Сивая кобыла, о которой предупреждала Дени Куэйта. Она и о дорнийском принце говорила, о сыне солнца, и о ком-то еще…
— Я не могу полагаться на то, что мои враги перемрут сами собой. Освободите Крошку Мерис незамедлительно.
— Слушаюсь. Но, если ваше величество позволит, есть другой способ.
— Дорнийский? — вздохнула Дени. Титул принца Квентина обеспечил дорнийцам присутствие на пиру, хотя Резнак позаботился усадить их как можно дальше. Гиздар как будто не ревнив по натуре, но какому мужчине понравится, что рядом с его молодой женой маячит соперник. — Юноша довольно приятен и говорит хорошо, но…
— Дом Мартеллов, древний и благородный, больше века был верным другом дома Таргариенов. Я имел честь служить в гвардии вашего батюшки с двоюродным дедом принца. Принц Ливен был рыцарем без страха и упрека, и Квентин Мартелл той же крови.

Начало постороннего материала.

(* Let $Q=(q_n)_{n\ge1}$ be a basic sequence that is infinite in limit, and suppose there exist constants $M$ and $t$ such that $l_j\le M$ for all $j>t$. Then for every $Q$-special sequence $F$ and every real $\psi>1$, $$D_n^*(y_F)<\psi\cdot\sqrt{2M}\cdot(2M+1)\cdot n^{-1/2}$$ for all sufficiently large $n$.
   Context: A basic sequence is a sequence $Q=(q_n)_{n\ge1}$ of integers with $q_n\ge 2$; it is infinite in limit if $q_n\to\infty$. $\mathbb{N}$ denotes the positive integers. For each positive integer $j$ let $\nu_j=\min\{N : q_m\ge 2j^2 \text{ for all } m\ge N\}$. Define $l_1=\max(\nu_2-1,1)$ and, recursively for $i\ge 2$, $l_i=\max\big(\min\{k\in\mathbb{N} : l_1+2l_2+\cdots+(i-1)l_{i-1}+ik\ge \nu_{i+1}-1\},1\big)$. Put $L_i=\sum_{j=1}^i jl_j$ (with $L_0=0$). Let $S_Q=\{(a,b,c)\in\mathbb{N}^3 : b\le l_a,\ c\le a\}$ and $\phi_Q(a,b,c)=L_{a-1}+(b-1)a+c$; $\phi_Q$ is a bijection $S_Q\to\mathbb{N}$. A $Q$-special sequence is a family of integers $F=(F_{(a,b,c)})_{(a,b,c)\in S_Q}$ with $F_{(a,b,1)}=0$ for all $(a,b,1)\in S_Q$ and $\frac{F_{(a,b,c)}}{q_{\phi_Q(a,b,c)}}\in\left[\frac{c-1}{a}-\frac{1}{2a^2},\frac{c-1}{a}+\frac{1}{2a^2}\right]$ for $(a,b,c)\in S_Q$ with $c>1$. For such $F$ put $E_{F,n}=F_{\phi_Q^{-1}(n)}$ and let $y_F$ be the sequence $\left(E_{F,n}/q_n\right)_{n=1}^\infty$. For a sequence $w=(w_1,w_2,\dots)$ in $[0,1)$, the star discrepancy is $D_n^*(w)=\sup_{0<\gamma\le1}\left|\frac{\#\{1\le k\le n: w_k\in[0,\gamma)\}}{n}-\gamma\right|$. *)

From HB Require Import structures.
From Stdlib Require Import ClassicalEpsilon.
From mathcomp Require Import all_boot all_order all_algebra.
From mathcomp Require Import classical_sets reals.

— Приди он с теми пятьюдесятью тысячами, о которых толкует, все было бы иначе, но он явился с двумя рыцарями и документом. Пергамент — плохой щит, им мой народ от юнкайцев не заслонить. Будь у него, скажем, флот…
— Дорн не стяжал себе славы на море, ваше величество.
— Да, я знаю. — Дени еще не забыла историю Вестероса. Нимерия, высадившись на песчаных берегах Дорна, вышла за тогдашнего принца, сожгла все десять тысяч своих кораблей и больше в море не выходила. — Слишком он далек, этот Дорн — не бросать же мне было своих подданных ради Квентина. Не могли бы вы отправить его домой?
— Дорнийцы известны своим упрямством, ваше величество. Предки принца Квентина лет двести сражались с вашими — он без вас не уедет.
Значит, он так и умрет здесь. Разве что Дени в нем чего-то не разглядела.
— Он еще в пирамиде?
— Да. Пьет со своими рыцарями.
— Приведите его ко мне. Хочу познакомить его со своими детками.
— Слушаюсь, — помедлив немного, ответил сир Барристан.
Король шутил и смеялся с юнкайцами. Вряд ли он ее хватится, а служанки в случае чего скажут, что королева отлучилась по зову природы.
Сир Барристан ждал у лестницы вместе с принцем. По красному лицу Квентина Дени определила, что тот выпил лишнего, хотя и старается это скрыть. Если не считать пояса из медных солнц, одет он был просто. Понятно, за что его прозвали Лягухой, — не очень-то он красив.
— Спускаться придется долго, мой принц, — с улыбкой сказала Дени. — Вы уверены, что желаете этого?
— Если вашему величеству так угодно.
— Тогда идемте.
Впереди них спускались два Безупречных с факелами, позади шли двое Бронзовых Бестий — один в маске рыбы, другой ястреба.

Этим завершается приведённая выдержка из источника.